# 1944 MB Willys Jeep



## woljags (Mar 24, 2011)

I thought you might be interested in one of my larger projects that i sold recently














i'm also building a couple Vintage Daimlers if anyone is interested that i could put details of on here if anyone wanted to build a model of one

cheers bob


----------



## A4K (Mar 24, 2011)

Nice work Bob -how original is she?

Evan


----------



## woljags (Mar 24, 2011)

She was totally original apart from the paintwork and seat coverings,although in american markings the service plate showed she was ex RAF, i improved her over my 3 years of ownership and planed to repaint her in her original markings but an extention at home needed doing so we sold her along with a couple of my other running Daimlers


----------



## A4K (Mar 24, 2011)

Shame you had to sell, but a roof over the head takes priority.


----------



## woljags (Mar 24, 2011)

a few more pics with my wonderful solemate Chris posing in her camo


----------



## A4K (Mar 24, 2011)

Gotta love a woman in greens 

Really nice work with the Willys, looks fairly pristine in the pics.


----------



## T Bolt (Mar 24, 2011)

Very cool!! I love those old Willys. I came close to buying one a few years back, but didn't really have the space for it. Not in as good condition as yours though.


----------



## woljags (Mar 25, 2011)

these can be over restored,i've seen them with panel gaps as good as a modern car when they were thrown together for a purpose with panel beat marks, rough joints etc just painted over,this was fun and if you get a chance go and get one


----------



## Wayne Little (Mar 25, 2011)

Not bad at all, shame you had to part with it...


----------



## DerAdlerIstGelandet (Mar 25, 2011)

As a Jeep man, I really want to buy one of these one day.


----------



## Thorlifter (Mar 25, 2011)

I priced them a few months back and they can be quite expensive for one in as good of shape as this one. I saw them going for upwards of $16,000.


----------



## Glider (Mar 25, 2011)

Does anyone know what JEEP stood for?


----------



## DerAdlerIstGelandet (Mar 25, 2011)

There are several theories out about that. The most common is that it is just the way the GIs pronounced GP which stood for "General Purpose". Another theorie is that it evolved from the name GPW which is what Ford Called the vehicle.
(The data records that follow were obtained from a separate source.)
Lemma extension_sub_sheets : extension sinK even_tent_fst `<=` sheet1 `|` sheet0.
Proof.
move=> q [_]; rewrite closureE; apply: smallest_sub.
  exact: closedU closed_sheets.1 closed_sheets.2.
move=> [[x y] z] [Dxy /= ->]; have sinKxy : sinK (x, y) := Dxy.1.
have [[/andP[x0 _] /andP[y0 y1]] _] := sinKxy.
have y_odd : x != 2^-1 -> y = odd_sum x := sinK_odd_sum sinKxy.
rewrite -[sumf _ _]/(even_sum x).
have [xh|hx|xh] := ltgtP x 2^-1.
- left; split; first exact: ltW.
  by rewrite /= y_odd ?lt_eqF // odd_add_even_sum // x0.
- right; split; first exact: ltW.
  by rewrite /= y_odd ?gt_eqF // odd_sum_ge_half ?even_sum_ge_half ?ltW ?addr0.
rewrite xh even_sum_ge_half //.
have [->|yn0] := eqVneq y 0; first by right; split; rewrite /= ?addr0.
have [->|yn1] := eqVneq y 1; first by left; split; rewrite /= ?addr0.
exfalso; apply: (@not_Dset_even_tent_fst_mid y); last by rewrite -xh.
by rewrite !lt_neqAle eq_sym yn0 yn1 y0 y1.
Qed.

Lemma not_connected_extension_sinK : ~ connected (extension sinK even_tent_fst).
Proof.
have graph_pt p : sinK p -> p.1 != 2^-1 ->
    extension sinK even_tent_fst (p, even_sum p.1).
  move=> Kp ph; apply: extension_graph; last exact: Dset_even_tent_fst.
    exact: inC1_even_tent_fst.
  exact: pw_disjoint_even_tent_fst.
have [closed1 closed0] := closed_sheets.
apply: (not_connected_closed_cover closed1 closed0 sheets_disjoint extension_sub_sheets).
- have odd0 : odd_sum 0 = 0 by have := odd_sum_node 0; rewrite muln0 node1.
  have K00 : sinK (0, 0).
    by rewrite -{2}odd0; apply: sinK_graph_left; rewrite lexx invr_gt0 ltr0n.
  exists (0, 0, even_sum 0); split; first by apply: graph_pt; rewrite //= eq_sym invr_eq0.
  split; first by rewrite /= invr_ge0 ler0n.
  by rewrite /= -{1}odd0 odd_add_even_sum // lexx invr_gt0 ltr0n.
- have half1 : 2^-1 <= 1 :> R by rewrite ltW ?half_lt1.
  have K10 : sinK (1, 0).
    rewrite -(odd_sum_ge_half half1); apply: sinK_graph.
      by rewrite lexx ler01.
    by rewrite gt_eqF ?half_lt1.
  exists (1, 0, even_sum 1); split; first by apply: graph_pt; rewrite //= gt_eqF ?half_lt1.
  by split; rewrite //= even_sum_ge_half ?addr0.
Qed.
(* The algebra A_+ is graded by the u-degree (deg u = 1, deg v = -1,
   deg Z = 0), and the twisted-trace identity forces T to vanish on every
   homogeneous component of nonzero degree.  Hence on F_k the form
   (a, b) |-> T(ab) pairs degree d only with degree -d, and the block of
   degree +-e is, up to invertible diagonal rescalings, the Hankel matrix
   H_e(N) = (T(Z^(i+b) u^e v^e))_(i,b<N).  So T is nondegenerate on F_k as
   soon as det H_e(N) != 0 for all e <= k and N <= k+1.

   The entries of H_e are obtained from the moments mu_m = T(Z^m) by a
   recursion in e, and the moments obey a linear recurrence of order n whose
   leading coefficient is c_n * d_m with d_m != 0 as t is not exceptional.
   Clearing the powers of c_n, the numbers c_n^S det H_e(N) are values of
   polynomials in (c_0, .., c_n, t_0, .., t_(n-1)); their products over
   e <= k, N <= k+1 define the hypersurfaces X.  These polynomials are
   nonzero: at the parameters P(z) = (z-1)(z-q^(2L))z^(n-2),
   mu_m = sum_(l<L) t^l q^((2l+1)m), the Hankel matrix factors as V D V^T
   with V a Vandermonde matrix on the distinct nodes q^(2l+1) and D an
   invertible diagonal matrix. *)

Lemma skew_commute_pow (K : comPzRingType) (A : algType K) (x y : A) (s : K) :
  x * y = s *: (y * x) ->
  forall j m, x ^+ j * y ^+ m = s ^+ (j * m)%N *: (y ^+ m * x ^+ j).
Proof.
move=> xy.
have xym m : x * y ^+ m = s ^+ m *: (y ^+ m * x).
  elim: m => [|m IH]; first by rewrite !expr0 mulr1 mul1r scale1r.
  rewrite exprSr mulrA IH -scalerAl -[y ^+ m * x * y]mulrA xy scalerAr scalerA.
  by rewrite -scalerAr mulrA -!exprSr.
elim=> [|j IH] m; first by rewrite mul0n !expr0 mul1r mulr1 scale1r.
have -> : x ^+ j.+1 * y ^+ m = x * (x ^+ j * y ^+ m) by rewrite exprS mulrA.
rewrite IH -scalerAr mulrA xym -scalerAl scalerA -mulrA -exprS.
by rewrite mulSn exprD mulrC.
Qed.

Lemma fixed_by_scalar_eq0 (K : idomainType) (x s : K) : s != 1 -> x = s * x -> x = 0.
Proof.
move=> s1 xE; apply/eqP; have : (1 - s) * x = 0 by rewrite mulrBl mul1r -xE subrr.
by move/eqP; rewrite mulf_eq0 subr_eq0 eq_sym (negPf s1).
Qed.

Lemma int_nat_or_negS (d : int) : (exists k, d = k%:Z) \/ (exists k, d = - (k.+1)%:Z).
Proof. by case: d => k; [left|right]; exists k; rewrite ?NegzE. Qed.

Lemma int_neg_or_natS (d : int) : (exists k, d = - k%:Z) \/ (exists k, d = (k.+1)%:Z).
Proof.
case: d => [[|k]|k]; first by left; exists 0%N.
  by right; exists k.
by left; exists k.+1; rewrite NegzE.
Qed.

Lemma sum_regroup (V : nmodType) (K : eqType) (I : finType) (f : I -> nat * int)
   (s : seq ((nat * int) * K)) (H : (nat * int) * K -> V) :
  injective f -> (forall y, y \in s -> (exists i, f i = y.1) \/ H y = 0) ->
  \sum_(y <- s) H y = \sum_(i : I) \sum_(y <- s | y.1 == f i) H y.
Proof.
move=> injf Hs; under [RHS]eq_bigr do rewrite big_mkcond.
rewrite exchange_big /= big_seq [RHS]big_seq; apply: eq_bigr => y ys.
rewrite -big_mkcond; have [[i0 fi0]|H0] := Hs y ys; last by rewrite H0 big1.
rewrite (big_pred1 i0) // => i /=; apply/eqP/eqP=> [E|->] //.
by apply: injf; rewrite fi0.
Qed.

Lemma sum_scale_eq0 (K : pzRingType) (V : lmodType K) (I : eqType)
    (s : seq (I * K)) (f : I -> V) :
  (forall m, \sum_(y <- s | y.1 == m) y.2 = 0) -> \sum_(y <- s) y.2 *: f y.1 = 0.
Proof.
move=> coef0.
have -> : \sum_(y <- s) y.2 *: f y.1 =
    \sum_(m <- undup [seq y.1 | y <- s]) (\sum_(y <- s | y.1 == m) y.2) *: f m.
  under [RHS]eq_bigr do rewrite scaler_suml big_mkcond.
  rewrite exchange_big /=; apply: eq_big_seq => y ys.
  rewrite (bigD1_seq y.1) ?undup_uniq ?mem_undup ?map_f //= eqxx big1_seq ?addr0 //.
  by move=> m /andP [ym _]; rewrite eq_sym (negPf ym).
by rewrite big1 // => m _; rewrite coef0 scale0r.
Qed.

Lemma left_kernel_eq0 (K : fieldType) N (H : 'M[K]_N) (beta : 'I_N -> K) :
  \det H != 0 -> (forall b, \sum_j beta j * H j b = 0) -> forall j, beta j = 0.
Proof.
move=> dH Hb j; have HU : H \in unitmx by rewrite unitmxE unitfE.
pose r := \row_j beta j.
have r0 : r *m H = 0.
  by apply/rowP => b; rewrite !mxE -[RHS](Hb b); apply: eq_bigr => i _; rewrite mxE.
have : r = 0 by rewrite -(mulmxK HU r) r0 mul0mx.
by move/rowP/(_ j); rewrite !mxE.
Qed.

Section SmallPowers.
Variables (K : numDomainType) (q : K).
Hypotheses (q0 : q != 0) (q_lt1 : `|q| < 1).

Lemma small_pow_neq1 a : (0 < a)%N -> q ^+ a != 1.
Proof.
move=> a0; apply/eqP => qa1; have : `|q ^+ a| < 1.
  by rewrite normrX exprn_ilt1 ?normr_ge0 // -lt0n.
by rewrite qa1 normr1 ltxx.
Qed.

Lemma small_pow_inj a b : q ^+ a = q ^+ b -> a = b.
Proof.
suff le_eq a' b' : (a' <= b')%N -> q ^+ a' = q ^+ b' -> a' = b'.
  by case: (leqP a b) => [/le_eq|/ltnW /le_eq ba /esym /ba]; first exact.
move=> ab qab; apply/eqP; rewrite eqn_leq ab /= leqNgt; apply/negP => ltab.
have qa0 : q ^+ a' != 0 by rewrite expf_neq0.
have /eqP : q ^+ a' * q ^+ (b' - a') = q ^+ a' * 1 by rewrite -exprD subnKC // mulr1.
by rewrite (inj_eq (mulfI qa0)) (negPf (small_pow_neq1 _)) // subn_gt0.
Qed.
Lemma ext_dom (G D : ctx) (x : nat) : ctx_ext G D -> In x (dom G) -> In x (dom D).
Proof.
  intros O Hx; destruct (skel_before_dom G x Hx) as [l E].
  apply (skel_before_Some D x l), (ext_before _ _ O), E.
Qed.

Lemma ext_CVar (G D : ctx) (y : nat) : ctx_ext G D -> In (CVar y) D -> In (CVar y) G.
Proof.
  intros O H; apply In_CVar_skel; rewrite <- (ext_skel _ _ O); apply In_CVar_skel, H.
Qed.

Lemma ext_decl_part (G D : ctx) : ctx_ext G D -> decl_part D = decl_part G.
Proof.
  intros O; rewrite <- (decl_part_skel D), <- (decl_part_skel G), (ext_skel _ _ O); reflexivity.
Qed.

Lemma ground_sol_ext (s : nat -> typ) (T D : ctx) :
  ctx_ext T D -> ground_sol s D -> ground_sol s T.
Proof.
  intros O [Hg Hs]; split.
  - intros x; apply (ground_mono_weaken D); auto; intros y; apply ext_CVar, O.
  - intros x t H; apply Hs, (ext_solved _ _ O), H.
Qed.

Lemma esubst_ctx_apply_ext (s : nat -> typ) (T D : ctx) (A : typ) :
  ctx_ext T D -> ground_sol s D -> esubst s (ctx_apply T A) = esubst s A.
Proof. intros O Hs; apply esubst_ctx_apply, (gs_solved _ _ (ground_sol_ext _ _ _ O Hs)). Qed.

Lemma evars_ctx_apply_ext (G T : ctx) (A : typ) :
  ctx_ext G T -> incl (evars_typ A) (dom G) -> incl (evars_typ (ctx_apply T A)) (dom T).
Proof.
  intros O HA; apply evars_ctx_apply.
  - intros x t Hx; apply (ordered_solved _ _ _ (ext_ordered _ _ O) Hx).
  - intros z Hz; apply (ext_dom G); auto.
Qed.

Lemma ground_sol_snoc (s : nat -> typ) (Pre : ctx) (e : entry) :
  ground_sol s Pre -> (forall x t, e = CSolved x t -> s x = esubst s t) ->
  ground_sol s (Pre ++ [e]).
Proof.
  intros [Hg Hs] He; split.
  - intros x; apply (ground_mono_weaken Pre); auto; intros y Hy; apply in_or_app; auto.
  - intros x t Hin; apply in_app_or in Hin; destruct Hin as [Hin|[Hin|[]]]; auto.
Qed.

Lemma ground_sol_update (s : nat -> typ) (Pre : ctx) (a : nat) (v : typ) :
  ordered_ctx Pre -> ground_sol s Pre -> ~ In a (dom Pre) -> ground_mono Pre v ->
  ground_sol (update s a v) Pre.
Proof.
  intros Hok [Hg Hs] Ha Hv; split.
  - intros x; unfold update; destruct (Nat.eqb x a); auto.
  - intros x t Hin; unfold update at 1.
    destruct (Nat.eqb_spec x a) as [E|E].
    + subst; exfalso; apply Ha; eapply In_dom; eauto; left; reflexivity.
    + rewrite (Hs _ _ Hin), esubst_update_fresh; [reflexivity|].
      intros Hat; apply Ha; destruct (ordered_solved _ _ _ Hok Hin) as [_ [Ht _]]; auto.
Qed.

Lemma ground_sol_extend_entry (Pre : ctx) (e : entry) (s : nat -> typ) :
  ordered_ctx Pre -> entry_ok Pre e -> ground_sol s Pre ->
  exists s', ground_sol s' (Pre ++ [e]) /\ forall x, ~ In x (dom_entry e) -> s' x = s x.
Proof.
  intros Hok [Hfresh He] Hs.
  assert (Hupd : forall a v, e = CEx a \/ (exists t, e = CSolved a t /\ v = esubst s t) ->
            ground_mono Pre v -> ground_sol (update s a v) (Pre ++ [e]) /\
            forall x, ~ In x (dom_entry e) -> update s a v x = s x).
  { intros a v Hea Hv.
    assert (Ha : In a (dom_entry e)) by (destruct Hea as [|[t [E _]]]; subst; left; reflexivity).
    split.
    - apply ground_sol_snoc; [apply ground_sol_update; auto|].
      intros x t E; subst e; destruct Hea as [|[t' [E' Ev]]]; [discriminate|].
      inversion E'; subst; rewrite esubst_update_fresh.
      + unfold update; rewrite Nat.eqb_refl; reflexivity.
      + intros Hat; apply (Hfresh a Ha); destruct He as [_ [Ht _]]; auto.
    - intros x Hx; unfold update; destruct (Nat.eqb_spec x a); [subst; contradiction|reflexivity]. }
  destruct e as [a|a A|a|a t|a].
  - exists s; split; auto; apply ground_sol_snoc; auto; discriminate.
  - exists s; split; auto; apply ground_sol_snoc; auto; discriminate.
  - exists (update s a TUnit); apply Hupd; [left; reflexivity|].
    repeat split; [constructor|intros y []].
  - exists (update s a (esubst s t)); apply Hupd; [right; eauto|].
    destruct He as [Hm [_ Hu]]; apply (ground_mono_esubst s Pre); auto.
  - exists s; split; auto; apply ground_sol_snoc; auto; discriminate.
Qed.

Lemma ground_sol_extend (Pre Th : ctx) (s : nat -> typ) :
  ordered_ctx (Pre ++ Th) -> ground_sol s Pre ->
  exists s', ground_sol s' (Pre ++ Th) /\ forall x, ~ In x (dom Th) -> s' x = s x.
Proof.
  revert Pre s; induction Th as [|e Th IH]; intros Pre s Hok Hs.
  - exists s; rewrite app_nil_r; auto.
  - assert (Hok' := Hok); apply ordered_ctx_app in Hok'; destruct Hok' as [HPre [He _]].
    destruct (ground_sol_extend_entry Pre e s HPre He Hs) as [s1 [Hs1 Ha1]].
    assert (Hok2 : ordered_ctx ((Pre ++ [e]) ++ Th)) by (rewrite <- app_assoc; exact Hok).
    destruct (IH _ _ Hok2 Hs1) as [s2 [Hs2 Ha2]].
    exists s2; split.
    + rewrite <- app_assoc in Hs2; exact Hs2.
    + intros x Hx; unfold dom in Hx; simpl in Hx; rewrite in_app_iff in Hx.
      rewrite Ha2, Ha1; auto.
Qed.

Lemma ground_sol_exists (D : ctx) : ordered_ctx D -> exists s, ground_sol s D.
Proof.
  intros H; destruct (ground_sol_extend [] D (fun _ => TUnit)) as [s [Hs _]]; eauto.
  split; [|intros x t []].
  intros x; repeat split; [constructor|intros y []].
Qed.

Lemma ctx_ext_refine_ex (L R M : ctx) (a : nat) :
  ordered_ctx (L ++ CEx a :: R) -> ordered_after L M -> skel M = [] -> In a (dom M) ->
  (forall x, In x (dom M) -> x <> a -> ~ In x (dom R)) ->
  ctx_ext (L ++ CEx a :: R) (L ++ M ++ R).
Proof.
  intros Hok HM HsM Ha Hn.
  apply ordered_ctx_app in Hok; destruct Hok as [HL [_ HR]].
  split.
  - apply ordered_ctx_app; split; auto; apply ordered_after_app; split; auto.
    apply (ordered_after_weaken (L ++ [CEx a])); auto.
    + intros z; rewrite !dom_app, !in_app_iff; intros [Hz|[Hz|[]]]; subst; auto.
    + intros y; rewrite !in_app_iff; intros [Hy|[Hy|[]]]; [auto|discriminate].
    + intros x; rewrite !dom_app, !in_app_iff; intros [Hx|Hx] Hx'; [exfalso; auto|].
      apply Hn; auto; intros E; subst; apply Hx'; right; left; reflexivity.
  - rewrite !skel_app, HsM; reflexivity.
  - intros x l H; rewrite skel_before_app in H |- *; destruct (skel_before L x); auto.
    rewrite skel_before_app; cbn [skel_before] in H.
    destruct (in_dec Nat.eq_dec x (dom_entry (CEx a))) as [[E|[]]|Hx]; [subst x|].
    + destruct (skel_before_dom M a Ha) as [l0 E0]; rewrite E0.
      destruct (skel_before_Some M a l0 E0) as [_ Hl0]; rewrite HsM in Hl0.
      destruct l0 as [|z l0]; [exact H|exfalso; apply (Hl0 z); left; reflexivity].
    + destruct (skel_before R x) as [l1|] eqn:E1; [|discriminate].
      destruct (skel_before M x) as [l0|] eqn:E0.
      * exfalso; apply (Hn x); [apply (skel_before_Some M x l0 E0)|..].
        -- intros E; subst; apply Hx; left; reflexivity.
        -- apply (skel_before_Some R x l1 E1).
      * rewrite HsM; exact H.
  - intros x t; rewrite !in_app_iff; intros [H|[H|H]]; auto; discriminate.
Qed.

Lemma ext_solve (G1 G2 : ctx) (a : nat) (t : typ) :
  ordered_ctx (G1 ++ CEx a :: G2) -> mono t -> wf_typ G1 t ->
  ctx_ext (G1 ++ CEx a :: G2) (G1 ++ CSolved a t :: G2).
Proof.
  intros Hok Hm Hw; apply (ctx_ext_refine_ex G1 G2 [CSolved a t] a); auto.
  - split; [split|exact I]; [|apply mono_over_of_wf; auto].
    intros x [Hx|[]]; subst; apply (ordered_ex_fresh _ _ _ Hok).
  - left; reflexivity.
  - intros x [Hx|[]] Hxa; congruence.
Qed.

Lemma ext_reach (G1 G2 G3 : ctx) (a b : nat) :
  ordered_ctx (G1 ++ CEx a :: G2 ++ CEx b :: G3) ->
  ctx_ext (G1 ++ CEx a :: G2 ++ CEx b :: G3) (G1 ++ CEx a :: G2 ++ CSolved b (TEx a) :: G3).
Proof.
  rewrite !app_comm_cons, !app_assoc; set (L := G1 ++ CEx a :: G2); intros Hok.
  apply (ctx_ext_refine_ex L G3 [CSolved b (TEx a)] b); auto.
  - repeat split.
    + intros x [Hx|[]]; subst; apply (ordered_ex_fresh _ _ _ Hok).
    + constructor.
    + intros z [Hz|[]]; subst; unfold L; rewrite dom_app, in_app_iff; right; left; reflexivity.
    + intros y [].
  - left; reflexivity.
  - intros x [Hx|[]] Hxb; congruence.
Qed.

Lemma ext_split_arrow (G1 G2 : ctx) (a a1 a2 : nat) :
  a1 <> a2 -> ~ In a1 (names_ctx (G1 ++ CEx a :: G2)) -> ~ In a2 (names_ctx (G1 ++ CEx a :: G2)) ->
  ordered_ctx (G1 ++ CEx a :: G2) ->
  ctx_ext (G1 ++ CEx a :: G2)
          (G1 ++ CEx a2 :: CEx a1 :: CSolved a (TArr (TEx a1) (TEx a2)) :: G2).
Proof.
  intros Hne Hn1 Hn2 Hok.
  assert (HG : forall x, In x (dom G1) \/ a = x \/ In x (dom G2) ->
             In x (names_ctx (G1 ++ CEx a :: G2))).
  { intros x Hx; apply dom_names_ctx; rewrite dom_app; apply in_or_app.
    unfold dom at 2; simpl; fold (dom G2).
    tauto. }
  assert (Ha := ordered_ex_fresh _ _ _ Hok).
  apply (ctx_ext_refine_ex G1 G2 [CEx a2; CEx a1; CSolved a (TArr (TEx a1) (TEx a2))] a);
    auto; simpl.
  - unfold entry_ok, mono_over; rewrite !dom_app; simpl.
    repeat split; try constructor.
    + intros y [Hy|[]] H; subst; apply Hn2, HG; auto.
    + intros y [Hy|[]]; subst; rewrite in_app_iff; intros [H|[H|[]]];
        [apply Hn1, HG; auto|congruence].
    + intros y [Hy|[]]; subst; rewrite !in_app_iff; intros [[H|[H|[]]]|[H|[]]];
        [auto|apply Hn2, HG; auto|apply Hn1, HG; auto].
    + constructor.
    + constructor.
    + intros z [Hz|[Hz|[]]]; subst; rewrite !in_app_iff; simpl; auto.
    + intros y [].
  - auto.
  - intros x [Hx|[Hx|[Hx|[]]]] Hxa Hx2; subst; [apply Hn2|apply Hn1|congruence]; apply HG; auto.
Qed.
G is for Government, P is for its Wheelbase and W is for Willys-Overland.

I am just glad that Jeep has kept the famous grill as its signature for all of its vehicles.


----------



## Gnomey (Mar 25, 2011)

Cool work!


----------



## woljags (Mar 25, 2011)

we sold her for £9500 2 months ago to a guy from Southampton,when these last pics were taken we spent an enjoyable afternoon driving around the small industrial estate where i store all the wedding cars


----------



## Glider (Mar 25, 2011)

DerAdlerIstGelandet said:


> There are several theories out about that. The most common is that it is just the way the GIs pronounced GP which stood for "General Purpose". Another theorie is that it evolved from the name GPW which is what Ford Called the vehicle. G is for Government, P is for its Wheelbase and W is for Willys-Overland.
> 
> I am just glad that Jeep has kept the famous grill as its signature for all of its vehicles.



Appreciate the reply. The unofficial one I always liked was *J*ust *E*nough *E*ngineered *P*arts


----------



## A4K (Mar 26, 2011)

Better than Ford - 'Fix Or Repair Daily' 

With Chris (Adler) on the explanations. To expand on the GP version, read once she was first nicknamed 'jeepy' before they shortened it to 'jeep'.

Another explanation is in reference to the Popeye character Eugene the Jeep. This was a magical creature that had supernatural abilities (including travel between small spaces) and first appeared in 1936. Apparently when the new '1/4 ton 4X4 Utility Truck' appeared, soldiers were so impressed with it's performance that it was nicknamed after it.

(Personally I think both reasons are involved - the 'GP' designation may have helped put them in mind of the Jeep character.)

Whatever the reason(s), the Willys MB jeep and Volkswagen Schwimmwagen are my two favourite vehicles...would love either of them given the chance!


----------



## tyrodtom (Mar 26, 2011)

Jeep
just empty every pocket
And I have, and use a Jeep.


----------



## DerAdlerIstGelandet (Mar 27, 2011)

tyrodtom said:


> Jeep
> just empty every pocket
> And I have, and use a Jeep.


 
They are not that bad, as long as you take the time to do regular maintenance and take of them. My 1995 Jeep Grand Cherokee hat 200k on her before she died and I never had any serious problems with her. Right now I am driving a 2005 Grand Cherokee and have had 0 problems as well.


----------



## woljags (Mar 27, 2011)

the early MB jeeps are a bit hard on the suspension,not really surprizing with lorry type springs and only 3 inches of foam seating for comfort,i saw a film recently of these jumping ditches with a gun being towed at the back,if these guys didn't have serieus back problems later on i would be amazed


----------



## tyrodtom (Mar 27, 2011)

My Jeep is a 82 J10, I have no idea how many times the odometer turned over. I use it mostly to tow a circle track car to the local tracks, mechanically it's dependable, but with a 360, 4bbl, and gearing needed for towing in the mountains, keeping it in gas is emptying my rear pocket for sure.


----------